Posted by Alan Gates <ga...@yahoo-inc.com>.
There is code now in the types branch that will handle this case.  The 
only difference is that when you load your data, if you want this 
behavior, you must declare your types.  So:

A = load 'firstfile'; -- contains (1, 2)
B = load 'secondfile'; -- contains (1.0, 2.0)
C = cogroup A by $0, B by $0;
D = foreach C flatten(A), flatten(B)
dump D;

will return the same as before.

But if you change it to:
A = load 'firstfile' as (a: int, b:int);
B = load 'secondfile' as (a: int, b:int);

(or double if you prefer them to come out as doubles) then those two 
will be cast to the same type and the cogroup will go through.

As for when this will be released, I don't know yet.  We're still doing 
a lot of bug fixing in this code.  So we're not ready to merge it into 
the trunk yet.

Alan.


Prashanth Pappu wrote:
> I think we discussed a similar issue sometime ago about problems with PIG's
> implicit comparisons and DataAtoms.
>
> Here's an example -
>
>   
>> describe A;
>>     
> A:(X,Y)
>
>   
>> A={(1,2),(2,3)};
>> B = foreach A generate X+1 as U, Y as V;
>> cogroup_AB = cogroup A by X and B by U;
>>     
>
> What do we expect cogroup_AB to contain? In the current implementation, it
> is null.

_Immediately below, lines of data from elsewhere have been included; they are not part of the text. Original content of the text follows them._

(* Let $M,K\in\mathbb{R}^{m\times m}$ be symmetric positive definite, $\nu>0$, $\omega>0$, $\theta=1+\nu\omega^2$. Let $\lambda_{\min},\lambda_{\max}$ (resp. $\mu_{\min},\mu_{\max}$) be the smallest and largest eigenvalues of $M$ (resp. $K$). Define for $\alpha>0$ \[ \chi(\alpha)=\max_{\lambda\in\sigma(M)}\frac{\sqrt{\alpha^2+\theta^2\lambda^2}}{\alpha+\theta\lambda},\qquad \vartheta(\alpha)=\max_{\mu\in\sigma(K)}\frac{\sqrt{\alpha^2+\nu\theta\mu^2}}{\alpha+\sqrt{\nu\theta}\,\mu}. \] Then $\alpha_1=\theta\sqrt{\lambda_{\min}\lambda_{\max}}$ minimizes $\chi$ over $\alpha>0$ and $\alpha_2=\sqrt{\nu\theta\,\mu_{\min}\mu_{\max}}$ minimizes $\vartheta$ over $\alpha>0$. Moreover, with $P_\alpha$ the MBAS iteration matrix defined in the context, $\rho(P_\alpha)\le\chi(\alpha)$ and $\rho(P_\alpha)\le\vartheta(\alpha)$ for all $\alpha>0$.
   Context: $\sigma(\cdot)$ is the spectrum and $\rho(\cdot)$ the spectral radius. With $I$ the $m\times m$ identity, $H_1=\begin{pmatrix} M&0\\0&M\end{pmatrix}$, $H_2=\begin{pmatrix} K&0\\0&K\end{pmatrix}$, $R=\frac{1}{\sqrt{\nu\theta}}\begin{pmatrix} -i\omega\nu I & \sqrt{\nu} I\\ -\sqrt{\nu} I & i\omega\nu I\end{pmatrix}$, the MBAS iteration matrix is $P_\alpha=(\alpha I_{2m}+\sqrt{\nu\theta}H_2)^{-1}(\alpha I_{2m}+\theta RH_1)(\alpha I_{2m}+\theta H_1)^{-1}(\alpha I_{2m}-\sqrt{\nu\theta}RH_2)$. *)

From HB Require Import structures.
From mathcomp Require Import all_boot all_order all_algebra.
From mathcomp Require Import classical_sets reals complex.
Set Implicit Arguments. Unset Strict Implicit. Unset Printing Implicit Defensive.
Import Order.TTheory GRing.Theory Num.Theory.
Local Open Scope ring_scope.
Local Open Scope classical_set_scope.

Definition spectrum (F : fieldType) (n : nat) (A : 'M[F]_n) : set F :=
  [set a | eigenvalue A a].

Definition sym_posdef (R : realType) (m : nat) (A : 'M[R]_m) : Prop :=
  A^T = A /\ (forall v : 'rV[R]_m, v != 0 -> 0 < (v *m A *m v^T) 0 0).

(* spectral radius rho(A) = max_{z in sigma(A)} |z| for a complex matrix
   (a finite set, so its supremum is its maximum) *)
Definition spectral_radius (R : realType) (n : nat) (A : 'M[R[i]]_n) : R :=
  sup [set ComplexField.Normc.normc z | z in spectrum A].

Definition theta (R : realType) (nu omega : R) : R := 1 + nu * omega ^+ 2.

Definition chi (R : realType) (m : nat) (M : 'M[R]_m) (th alpha : R) : R :=
  sup [set Num.sqrt (alpha ^+ 2 + th ^+ 2 * l ^+ 2) / (alpha + th * l)
      | l in spectrum M].
Lemma interval_locally_constant_r (I Z : R -> Prop) s t :
  is_interval I -> (forall x, I x -> near_in I x (fun u => Z u <-> Z x)) ->
  I s -> I t -> s <= t -> Z s -> Z t.
Proof.
  intros HI Hloc Hs Ht Hst HZs.
  set (E := fun x => s <= x <= t /\ forall y, s <= y <= x -> Z y).
  assert (HEs : E s) by (split; [lra | intros y Hy; replace y with s by lra; exact HZs]).
  destruct (completeness E) as [m [Hub Hlub]].
  { exists t. intros x [Hx _]. lra. }
  { exists s. exact HEs. }
  assert (Hsm : s <= m) by (apply Hub, HEs).
  assert (Hmt : m <= t) by (apply Hlub; intros x [Hx _]; lra).
  destruct (Hloc m (HI s m t Hs Ht (conj Hsm Hmt))) as [d [Hd Hnear]].
  assert (Hx : exists x, E x /\ m - d < x).
  { apply NNPP. intros Hno. enough (m <= m - d) by lra.
    apply Hlub. intros x Ex. apply Rnot_lt_le. intros Hlt. apply Hno. eauto. }
  destruct Hx as [x [Ex Hxd]].
  assert (Hxm : x <= m) by (apply Hub, Ex).
  destruct Ex as [Hx HZx].
  assert (HZm : Z m).
  { apply (Hnear x); [apply (HI s x t); auto; lra | apply Rabs_def1; lra | apply HZx; lra]. }
  (* past the supremum [Z] still holds, up to [m + d / 2] *)
  set (x' := Rmin (m + d / 2) t).
  assert (HEx' : E x').
  { split; [unfold x', Rmin; destruct Rle_dec; lra|].
    intros y Hy. unfold x' in Hy. destruct (Rle_dec y x) as [Hyx|Hyx]; [apply HZx; lra|].
    assert (y <= m + d / 2) by (pose proof (Rmin_l (m + d / 2) t); lra).
    assert (y <= t) by (pose proof (Rmin_r (m + d / 2) t); lra).
    apply (Hnear y); [apply (HI s y t); auto; lra | apply Rabs_def1; lra | exact HZm]. }
  assert (x' <= m) by (apply Hub, HEx').
  unfold x', Rmin in *. destruct Rle_dec; [lra|].
  apply (proj2 HEx'). lra.
Qed.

This is because B is {(2.0,2), (3.0,3)}. And cogroup uses default
> comparator in DataAtoms which is essentially a String comparator (according
> to which "2.0" ne "2").
>
>   
> return (type == Type.STRING ) ? stringVal.compareTo(dOther.stringVal) :
>             WritableComparator.compareBytes(binaryVal, 0, binaryVal.length,
>                                             dOther.binaryVal, 0,
>                                             dOther.binaryVal.length);
>   
>
> I would like to hear comments on how others are dealing with these issues.
> -- Is there a simple PIG script level method of dealing with this issue?
> -- Has anyone tried hacking the DataAtom comparator to detect 'numbers' in
> strings, like
>
>   
>  // temporary fix for comparison of ints
>         if (type == Type.STRING) {
>                 if(stringVal.matches("[0-9]*") ||
> stringVal.matches("[0-9]*\\x2e[0-9]*")) {
>                         // A number
>                         if (dOther.numval() == numval()) {
>                                 return 0;
>                         } else if (numval() < dOther.numval()) {
>                                 return -1;
>                         } else {
>                                 return 1;
>                         }
>                 } else {
>                         return stringVal.compareTo(dOther.stringVal);
>                 }
>         } else {
>                  return WritableComparator.compareBytes(binaryVal, 0,
> binaryVal.length,
>                                             dOther.binaryVal, 0,
>                                             dOther.binaryVal.length);
>         }
>   
>
> - Also, I know there are typed schemas in PIG's roadmap. Is that going to
> solve this issue? Do we have any details about which release might have
> types support?
>
> Thanks!
> Prashanth
>
>